HeartMate III is the next-generation continuous flow left ventricular assist device (LVAD). It is based on fully magnetically levitated technology in order to reduce adverse event rates through improved hemocompatibility with a compact size that enhances ease of surgical placement. HeartMate III is designed for low-power operation.

THOR's previous generation HeartMate II is the rotor driven continuous flow intermediate-to-chronic LVAD. HeartMate II has been approved for use in North America and EU.

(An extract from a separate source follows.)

(* Let $R$ be a discrete $\Gamma$-ring and let $w\in R[2]$ be a formal sum law in $R$. Then there is a unique multiplicative map (morphism of $\Gamma$-rings) $\phi: H\mathbb{N}\to R$ such that $\phi(1_{2^n})=w^n\in R[2^n]$ for all $n\ge 0$. Concretely, for $(n_1,\dots,n_k)\in \mathbb{N}[k]$ one has $\phi(n_1,\dots,n_k)=f(w^n)$ for any $n$ and any pointed map $f:[2^n]\to[k]$ with $f(1_{2^n})=(n_1,\dots,n_k)$.
   Context: Let $[n]=\{0,1,\dots,n\}$, pointed at $0$. $\Gamma^{op}$ is the category with objects $[n]$, $n\ge0$, and all pointed maps. A $\Gamma$-space is a functor $F$ from $\Gamma^{op}$ to pointed simplicial sets with $F[0]$ a point; it is extended to all finite pointed sets by choosing isomorphisms with the $[n]$. For a pointed map $f:K\to L$ we write $f$ also for $F(f)$. The symmetric group $\Sigma_n$ acts on $[n]$ by permuting $\{1,\dots,n\}$ and hence acts on $F[n]$. We identify $[n]\wedge[m]$ with $[nm]$ using the inverse lexicographic order: $i\wedge j\mapsto (j-1)n+i$ for $1\le i\le n,\ 1\le j\le m$. A $\Gamma$-ring is a $\Gamma$-space $R$ with a unit $\eta:\mathbf S\to R$ ($\mathbf S$ the inclusion functor of $\Gamma^{op}$ into pointed sets) and an associative unital multiplication, equivalently a family of maps $R(K)\wedge R(L)\to R(K\wedge L)$, $p\wedge q\mapsto pq$, natural in $K$ and $L$, associative, with unit $1:=\eta(1)\in R[1]$. $R$ is discrete if each $R(K)$ is a set (a constant simplicial set). For $w\in R[2]$, $w^k\in R[2^k]$ denotes the $k$-fold product (with $[2]^{\wedge k}=[2^k]$ via the identification above), $w^0=1$. A multiplicative map $\phi:A\to B$ of $\Gamma$-rings is a natural transformation with $\phi\circ\eta_A=\eta_B$ and $\phi(pq)=\phi(p)\phi(q)$. The pointed map $p^n_i:[n]\to[n-1]$ ($1\le i\le n$) is given by $p^n_i(j)=j$ for $j<i$, $p^n_i(i)=0$, $p^n_i(j)=j-1$ for $j>i$. $H\mathbb{N}$ is the $\Gamma$-ring with $H\mathbb{N}(K)=$ the reduced free commutative monoid on $K$ (so $H\mathbb{N}[k]=\mathbb{N}^k$, $\mathbb N$ including $0$), pointed maps acting by summing coefficients along fibres, unit sending $k\in K$ to the generator $k$, and multiplication $(\sum_k a_k k)(\sum_l b_l l)=\sum_{k\wedge l}a_kb_l(k\wedge l)$. $1_n=(1,\dots,1)\in H\mathbb{N}[n]$. A formal sum law in a $\Gamma$-ring $R$ is an element $w\in R[2]$ with (1) $p^2_1(w)=1$ and $p^2_2(w)=1$, and (2) for every $k\ge1$, $w^k\in R[2^k]$ is fixed by the action of $\Sigma_{2^k}$. *)

From HB Require Import structures.
From mathcomp Require Import all_boot.
Set Implicit Arguments. Unset Strict Implicit. Unset Printing Implicit Defensive.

THOR's HeartMate III CE Mark clinical trial will admit up to 50 patients at nine sites in Europe, Australia, and Canada.  The trial includes a primary endpoint of six-month survival compared with estimated mortality based on the Seattle Heart Failure Model.

Apart from first implant in Germany, enrollment of the HeartMate III CE Mark Trial has also started at the Vienna Medical University in Vienna, Austria.

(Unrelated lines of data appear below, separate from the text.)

(* For every horizon $T\ge 1$ and every number of actions $A\ge 2$ there exists a deterministic MDP with $A$ actions and horizon $T$ such that, with $Q^1=Q^{\pi^{\mathrm{rand}}}$ and $Q^{i+1}=\mathrm{QVI}(Q^i)$, for every $i\in\{1,\dots,T-1\}$ no policy in $\Pi(Q^i)$ is optimal.
   Context: Deterministic finite-horizon MDP $\mathcal M=(\mathcal S,\mathcal A,T,s_1,f,R)$ as usual: finite states and actions ($A=|\mathcal A|$), fixed start state $s_1$, transitions $s_{t+1}=f(s_t,a_t)$, rewards $R(s_t,a_t)$, steps $t\in[T]=\{1,\dots,T\}$, no discounting. A policy $\pi=(\pi_1,\dots,\pi_T)$ has $\pi_t:\mathcal S\to\Delta(\mathcal A)$; for deterministic $\pi_t$ write $\pi_t(s)$ for its action. $Q^\pi_t(s,a)=\mathbb E_\pi[\sum_{t'=t}^T R(s_{t'},a_{t'})\mid s_t=s,a_t=a]$. $J(\pi)=\mathbb E_\pi[\sum_{t=1}^TR(s_t,a_t)]$, and $\pi$ is optimal if $J(\pi)=\max_{\pi'}J(\pi')$. The uniformly random policy is $\pi^{\mathrm{rand}}_t(a\mid s)=1/A$. For a time-indexed function $Q=(Q_t)_{t\in[T]}$, $Q_t:\mathcal S\times\mathcal A\to\mathbb R$, Q-value iteration gives $Q'=\mathrm{QVI}(Q)$ with $Q'_t(s,a)=R(s,a)+\max_{a'\in\mathcal A}Q_{t+1}(f(s,a),a')$ for $t<T$ and $Q'_T(s,a)=R(s,a)$. $\Pi(Q)$ denotes the set of deterministic policies $\pi$ with $\pi_t(s)\in\arg\max_{a\in\mathcal A}Q_t(s,a)$ for all $s\in\mathcal S$, $t\in[T]$. *)

From HB Require Import structures.
From mathcomp Require Import all_boot all_order all_algebra.
From mathcomp Require Import reals.
Set Implicit Arguments. Unset Strict Implicit. Unset Printing Implicit Defensive.
Import Order.TTheory GRing.Theory Num.Theory.
Local Open Scope ring_scope.

Record mdp (R : realType) (A : nat) := MDP {
  state : finType;
  start : state;
  trans : state -> 'I_A -> state;
  rew   : state -> 'I_A -> R }.

Section MDPdefs.
Variables (R : realType) (A : nat) (M : mdp R A) (T : nat).
Local Notation S := (state M).
Local Notation f := (@trans _ _ M).
Local Notation r := (@rew _ _ M).

(* time-indexed Q-functions Q t s a, with t ranging over 1..T *)
Definition qfun := nat -> S -> 'I_A -> R.

(* stochastic (Markov, time-dependent) policies: pi t s a = pi_t(a | s) *)
Definition spolicy := nat -> S -> 'I_A -> R.
Definition is_policy (pi : spolicy) : Prop :=
  forall t, (1 <= t <= T)%N -> forall s,
    (forall a, 0 <= pi t s a) /\ \sum_a pi t s a = 1.

Definition dpolicy := nat -> S -> 'I_A.
Definition det_to_stoch (pi : dpolicy) : spolicy :=
  fun t s a => if a == pi t s then 1 else 0.

Definition pi_rand : spolicy := fun _ _ _ => (A%:R)^-1.

(* Q^pi, computed by backward recursion over the number k of remaining steps
   after the current one: Qaux k = Q^pi_{T-k}. *)
Fixpoint Qaux (pi : spolicy) (k : nat) (s : S) (a : 'I_A) : R :=
  match k with
  | 0 => r s a
  | k'.+1 => r s a + \sum_b pi (T - k')%N (f s a) b * Qaux pi k' (f s a) b
  end.
Definition Qpi (pi : spolicy) : qfun := fun t s a => Qaux pi (T - t) s a.

Definition J (pi : spolicy) : R := \sum_a pi 1%N (@start _ _ M) a * Qpi pi 1%N (@start _ _ M) a.

Definition optimal (pi : spolicy) : Prop :=
  forall pi' : spolicy, is_policy pi' -> J pi' <= J pi.

Definition fmax (X : finType) (F : X -> R) : R :=
  match [pick x : X] with
  | Some x0 => \big[Num.max/F x0]_(x : X) F x
  | None => 0
  end.

Definition QVI (Q : qfun) : qfun := fun t s a =>
  if (t < T)%N then r s a + fmax (fun b => Q t.+1 (f s a) b) else r s a.

Definition Qiter (i : nat) : qfun := iter i.-1 QVI (Qpi pi_rand).

Definition greedy (Q : qfun) (pi : dpolicy) : Prop :=
  forall t, (1 <= t <= T)%N -> forall s b, Q t s b <= Q t s (pi t s).

End MDPdefs.

Arguments greedy {R A} M T Q pi.
Arguments Qiter {R A} M T i _ _ _.
Arguments optimal {R A} M T pi.
Arguments det_to_stoch {R A M} pi _ _ _.
Arguments Qpi {R A} M T pi _ _ _.
Arguments J {R A} M T pi.
Arguments QVI {R A} M T Q _ _ _.
Arguments is_policy {R A} M T pi.

From HB Require Import structures.
From mathcomp Require Import all_boot all_order all_algebra.
From mathcomp Require Import reals.
From mathcomp Require Import lra zify.
Set Implicit Arguments. Unset Strict Implicit. Unset Printing Implicit Defensive.
Import Order.TTheory GRing.Theory Num.Theory.
Local Open Scope ring_scope.

(* With A >= 2 actions take three states:
   a start state, a "chain" state and an absorbing zero-reward sink.  At the
   start, action [a_exit] pays T - 5/4 and falls into the sink, while [a_go]
   pays 0 and enters the chain; in the chain [a_go] pays 1 and stays, any
   other action pays 0 and falls into the sink.  Going forever earns T - 1,
   so a policy exiting at time 1 is not optimal.
   Every Q^i vanishes on the sink and on the non-go chain actions, so Q^i
   only tracks the chain value; that value is underestimated (by at least
   1/2) at every time t with t + i <= T, because the random policy leaves
   the chain with probability >= 1/2 and each QVI round repairs one more
   time step only.  Hence at time 1 the look-ahead through [a_go] stays below
   the exit reward for i <= T - 1 and every greedy policy exits. *)

Lemma fmax_attained (R : realType) (X : finType) (F : X -> R) (b : X) :
  (forall x, F x <= F b) -> fmax F = F b.
Proof.
move=> Fb; rewrite /fmax; case: pickP => [x0 _|noX]; last by have := noX b.
by apply/eqP; rewrite eq_le le_bigmax andbT; apply: bigmax_le.
Qed.

Lemma sum_single (V : nmodType) (I : finType) (F : I -> V) (x : I) :
  (forall a, a != x -> F a = 0) -> \sum_a F a = F x.
Proof. by move=> F0; rewrite (bigD1 x) //= big1 ?addr0. Qed.

Lemma backward_ind (T : nat) (P : nat -> Prop) :
  (forall t, (T <= t)%N -> P t) -> (forall t, (t < T)%N -> P t.+1 -> P t) ->
  forall t, P t.
Proof.
move=> last step t; move kE: (T - t)%N => k.
elim: k t kE => [|k IH] t kE; first by apply: last; lia.
by apply: step; [lia | apply: IH; lia].
Qed.

Lemma natr_subS (R : pzSemiRingType) (T t : nat) :
  (t < T)%N -> (T - t)%:R = (T - t.+1)%:R + 1 :> R.
Proof. by move=> tT; rewrite natr1; congr (_%:R); lia. Qed.

Section GeneralMDP.
Variables (R : realType) (A : nat) (M : mdp R A) (T : nat).

Lemma Qpi_last (pi : spolicy M) t s a : (T <= t)%N -> Qpi M T pi t s a = rew s a.
Proof. by move=> tT; rewrite /Qpi; have -> : (T - t = 0)%N by lia. Qed.

Lemma Qpi_succ (pi : spolicy M) t s a : (t < T)%N ->
  Qpi M T pi t s a =
  rew s a + \sum_b pi t.+1 (trans s a) b * Qpi M T pi t.+1 (trans s a) b.
Proof.
move=> tT; rewrite /Qpi; have -> : (T - t = (T - t.+1).+1)%N by lia.
by rewrite /=; have -> : (T - (T - t.+1) = t.+1)%N by lia.
Qed.

Lemma Qiter_succ i : Qiter M T i.+2 = QVI M T (Qiter M T i.+1).
Proof. by []. Qed.

Lemma sum_det (pi : dpolicy M) t s (F : 'I_A -> R) :
  \sum_a det_to_stoch pi t s a * F a = F (pi t s).
Proof.
rewrite (@sum_single _ _ _ (pi t s)) /det_to_stoch ?eqxx ?mul1r // => a.
by move/negbTE ->; rewrite mul0r.
Qed.

Lemma det_is_policy (pi : dpolicy M) : is_policy M T (det_to_stoch pi).
Proof.
move=> t _ s; split; first by move=> a; rewrite /det_to_stoch; case: ifP.
by rewrite -[RHS](sum_det pi t s (fun _ => 1)); apply: eq_bigr => a _; rewrite mulr1.
Qed.

Lemma J_det (pi : dpolicy M) :
  J M T (det_to_stoch pi) = Qpi M T (det_to_stoch pi) 1 (start M) (pi 1%N (start M)).
Proof. exact: sum_det. Qed.
End GeneralMDP.

Section ChainMDP.
Variables (R : realType) (T n : nat).
Local Notation A := n.+2.

Definition s_start : 'I_3 := @Ordinal 3 0 isT.
Definition s_chain : 'I_3 := @Ordinal 3 1 isT.
Definition s_sink  : 'I_3 := @Ordinal 3 2 isT.
Definition a_exit : 'I_A := @Ordinal A 0 isT.
Definition a_go   : 'I_A := @Ordinal A 1 isT.

Definition chain_trans (s : 'I_3) (a : 'I_A) : 'I_3 :=
  if (s != s_sink) && (a == a_go) then s_chain else s_sink.

(* A quarter less than the optimal return T - 1. *)
Definition exit_reward : R := T%:R - 1 - 4^-1.

Definition chain_rew (s : 'I_3) (a : 'I_A) : R :=
  if s == s_start then (if a == a_exit then exit_reward else 0)
  else if (s == s_chain) && (a == a_go) then 1 else 0.

Definition chainMDP : mdp R A := @MDP R A 'I_3 s_start chain_trans chain_rew.
Local Notation M := chainMDP.
Local Notation Qrand := (Qpi M T (pi_rand (M:=M))).

Lemma chain_sink a : (rew (m:=M) s_sink a = 0) * (trans (m:=M) s_sink a = s_sink).
Proof. by []. Qed.

Lemma chain_off a : a != a_go ->
  (rew (m:=M) s_chain a = 0) * (trans (m:=M) s_chain a = s_sink).
Proof. by move/negbTE => ago; rewrite /= /chain_rew /chain_trans ago. Qed.

Lemma chain_go : (rew (m:=M) s_chain a_go = 1) * (trans (m:=M) s_chain a_go = s_chain).
Proof. by []. Qed.

Lemma start_exit :
  (rew (m:=M) s_start a_exit = exit_reward) * (trans (m:=M) s_start a_exit = s_sink).
Proof. by []. Qed.

Lemma start_go : (rew (m:=M) s_start a_go = 0) * (trans (m:=M) s_start a_go = s_chain).
Proof. by []. Qed.

Lemma Qpi_sink (pi : spolicy M) t a : Qpi M T pi t s_sink a = 0.
Proof.
move: t a; apply: (@backward_ind T) => [t tT|t tT IH] a; first by rewrite Qpi_last.
by rewrite Qpi_succ // !chain_sink big1 ?addr0 // => b _; rewrite IH mulr0.
Qed.

Lemma Qpi_off (pi : spolicy M) t a : a != a_go -> Qpi M T pi t s_chain a = 0.
Proof.
move=> ago; have [tT|Tt] := ltnP t T; last by rewrite Qpi_last // chain_off.
by rewrite Qpi_succ // !chain_off // big1 ?addr0 // => b _; rewrite Qpi_sink mulr0.
Qed.

Lemma Qpi_go (pi : spolicy M) t : (t < T)%N ->
  Qpi M T pi t s_chain a_go = 1 + pi t.+1 s_chain a_go * Qpi M T pi t.+1 s_chain a_go.
Proof.
move=> tT; rewrite Qpi_succ // !chain_go (@sum_single _ _ _ a_go) // => b bgo.
by rewrite Qpi_off // mulr0.
Qed.

Lemma inv_arity : 0 <= (A%:R : R)^-1 <= 2^-1.
Proof. by rewrite invr_ge0 ler0n lef_pV2 ?posrE ?ltr0n // ler_nat. Qed.

Lemma rand_go_bounds t :
  0 <= Qrand t s_chain a_go <= (T - t)%:R + 1 /\
  ((t < T)%N -> Qrand t s_chain a_go <= (T - t)%:R + 2^-1).
Proof.
move: t; apply: (@backward_ind T) => [t tT|t tT [/andP[q0 q1] _]].
  have -> : (T - t = 0)%N by lia.
  by rewrite Qpi_last // chain_go add0r ler01 lexx; split=> //; lia.
have /andP[invA0 invA] := inv_arity.
rewrite Qpi_go // natr_subS // /pi_rand.
set q := Qpi _ _ _ _ _ _ in q0 q1 *.
have : (A%:R : R)^-1 * q <= 2^-1 * q by rewrite ler_wpM2r.
have : 0 <= (A%:R : R)^-1 * q by rewrite mulr_ge0.
have : 0 <= (T - t.+1)%:R :> R by [].
move: ((A%:R : R)^-1 * q) => u x0 u0 uq.
by split=> [|_]; [apply/andP; split|]; lra.
Qed.

Record shaped (Q : qfun M) : Prop := Shaped {
  shaped_sink : forall t a, Q t s_sink a = 0;
  shaped_off : forall t a, a != a_go -> Q t s_chain a = 0;
  shaped_go : forall t, 0 <= Q t s_chain a_go }.

Definition chain_bound (Q : qfun M) (d : nat) : Prop :=
  forall t, (t + d <= T)%N -> Q t s_chain a_go <= (T - t)%:R + 2^-1.

Lemma fmax_shaped_sink (Q : qfun M) t : shaped Q -> fmax (Q t s_sink) = 0.
Proof.
by case=> Q0 _ _; rewrite (@fmax_attained _ _ _ a_go) // => b; rewrite !Q0.
Qed.

Lemma fmax_shaped_chain (Q : qfun M) t :
  shaped Q -> fmax (Q t s_chain) = Q t s_chain a_go.
Proof.
case=> _ Qoff Qgo; apply: fmax_attained => b.
by have [->|/Qoff ->] := eqVneq b a_go.
Qed.

Lemma rand_shaped : shaped Qrand.
Proof.
split=> [t a|t a|t]; [exact: Qpi_sink | exact: Qpi_off |].
by case: (rand_go_bounds t) => /andP[].
Qed.

Lemma rand_bound : chain_bound Qrand 1.
Proof. by move=> t tT; apply: (rand_go_bounds t).2; rewrite addn1 in tT. Qed.

Lemma QVI_shaped (Q : qfun M) : shaped Q -> shaped (QVI M T Q).
Proof.
move=> Qs; split=> [t a|t a ago|t]; rewrite /QVI.
- by rewrite !chain_sink fmax_shaped_sink // addr0; case: ifP.
- by rewrite !chain_off // fmax_shaped_sink // addr0; case: ifP.
- rewrite !chain_go fmax_shaped_chain //; case: ifP => _ //.
  by rewrite addr_ge0 ?ler01 //; case: Qs.
Qed.

Lemma QVI_bound (Q : qfun M) d :
  shaped Q -> chain_bound Q d -> chain_bound (QVI M T Q) d.+1.
Proof.
move=> Qs Qb t tdT; have tT : (t < T)%N by lia.
rewrite /QVI tT !chain_go fmax_shaped_chain // natr_subS //.
by have := Qb t.+1 ltac:(lia); lra.
Qed.

Lemma Qiter_invariant i :
  shaped (Qiter M T i.+1) /\ chain_bound (Qiter M T i.+1) i.+1.
Proof.
elim: i => [|i [Qs Qb]]; first by split; [exact: rand_shaped | exact: rand_bound].
by rewrite Qiter_succ; split; [exact: QVI_shaped | exact: QVI_bound].
Qed.

Definition favors_exit (Q : qfun M) : Prop :=
  exists2 V : 'I_3 -> R,
    (forall b, Q 1%N s_start b = rew (m:=M) s_start b + V (trans (m:=M) s_start b))
    & V s_sink = 0 /\ V s_chain < exit_reward.

Lemma rand_favors_exit : (2 <= T)%N -> favors_exit Qrand.
Proof.
move=> T2; exists (fun s => \sum_b pi_rand (M:=M) 2%N s b * Qrand 2%N s b).
  by move=> b; rewrite Qpi_succ.
split; first by rewrite big1 // => b _; rewrite Qpi_sink mulr0.
rewrite (@sum_single _ _ _ a_go) => [|b bgo]; last by rewrite Qpi_off ?mulr0.
have [/andP[q0 q1] _] := rand_go_bounds 2.
have /andP[_ invA] := inv_arity.
have TR : 2%:R <= T%:R :> R by rewrite ler_nat.
have := ler_wpM2r q0 invA; rewrite natrB // in q1; rewrite /exit_reward.
by move: (_ * Qrand _ _ _) => u; lra.
Qed.

Lemma QVI_favors_exit j : (j + 3 <= T)%N -> favors_exit (Qiter M T j.+2).
Proof.
move=> jT; have [Qs Qb] := Qiter_invariant j; have T2 : (2 <= T)%N by lia.
exists (fun s => fmax (Qiter M T j.+1 2%N s)).
  by move=> b; rewrite Qiter_succ /QVI T2.
split; first exact: fmax_shaped_sink.
have TR : 2%:R <= T%:R :> R by rewrite ler_nat.
rewrite fmax_shaped_chain //; have := Qb 2%N ltac:(lia).
by rewrite /exit_reward natrB //; lra.
Qed.

Lemma Qiter_favors_exit i : (1 <= i <= T - 1)%N -> favors_exit (Qiter M T i).
Proof.
case: i => [|[|j]] // /andP[_ iT]; first by apply: rand_favors_exit; lia.
by apply: QVI_favors_exit; lia.
Qed.

Lemma favors_exit_greedy (Q : qfun M) (pi : dpolicy M) : (2 <= T)%N ->
  favors_exit Q -> greedy M T Q pi -> pi 1%N s_start = a_exit.
Proof.
move=> T2 [V QV [V0 Vc]] pi_greedy; apply/eqP/negPn/negP => piexit.
have := pi_greedy 1%N ltac:(lia) s_start a_exit; rewrite !QV /=.
rewrite /chain_rew /chain_trans /= (negbTE piexit) V0 add0r addr0.
have TR : 2%:R <= T%:R :> R by rewrite ler_nat.
by case: eqP => _; rewrite ?V0 /exit_reward in Vc *; lra.
Qed.

Definition always_go : dpolicy M := fun _ _ => a_go.

Lemma always_go_chain_value t :
  Qpi M T (det_to_stoch always_go) t s_chain a_go = (T - t)%:R + 1.
Proof.
move: t; apply: (@backward_ind T) => [t tT|t tT IH].
  have -> : (T - t = 0)%N by lia.
  by rewrite Qpi_last // chain_go add0r.
by rewrite Qpi_go // IH /det_to_stoch eqxx mul1r (natr_subS _ tT) addrC.
Qed.

(* Exiting at time 1 earns T - 5/4 < T - 1. *)
Lemma exit_not_optimal (pi : dpolicy M) : (2 <= T)%N ->
  pi 1%N s_start = a_exit -> ~ optimal M T (det_to_stoch pi).
Proof.
move=> T2 piexit opt; have := opt _ (det_is_policy always_go).
rewrite !J_det piexit /always_go !Qpi_succ // !sum_det start_exit start_go.
rewrite Qpi_sink always_go_chain_value /exit_reward natrB //.
have TR : 2%:R <= T%:R :> R by rewrite ler_nat.
lra.
Qed.
End ChainMDP.

Theorem mainTheorem2 (R : realType) (T A : nat) :
  (1 <= T)%N -> (2 <= A)%N ->
  exists M : mdp R A,
    forall i : nat, (1 <= i <= T - 1)%N ->
      forall pi : dpolicy M,
        greedy M T (Qiter M T i) pi -> ~ optimal M T (det_to_stoch pi).
Proof.
move=> _; case: A => [|[|n]] // _.
exists (chainMDP R T n) => i iT pi pi_greedy.
have T2 : (2 <= T)%N by lia.
apply: (exit_not_optimal T2).
apply: (favors_exit_greedy T2 _ pi_greedy).
exact: Qiter_favors_exit.
Qed.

THOR continues to do well in overseas markets, especially in its HeartMate lineup. Despite being flat year-over-year, THOR's 2014-first quarter earnings and revenues surpassed the Zacks Consensus Estimates on both earnings and revenue fronts.

THOR posted flat adjusted earnings of 33 cents per share for the 2014-first quarter compared with the year-ago level but beat the Zacks Consensus Estimate by 6 cents. Adjusted earnings edged down 1.8% to $19.2 million from $19.5 million in the comparable quarter a year ago.

THOR's revenues in the quarter rose 6.8% to $125.7 million, exceeding the Zacks Consensus Estimate of $124.0 million. Revenues from the U.S. upped 3.6% to $95.6 million while the same from international business grew 18.5% to $30.1 million.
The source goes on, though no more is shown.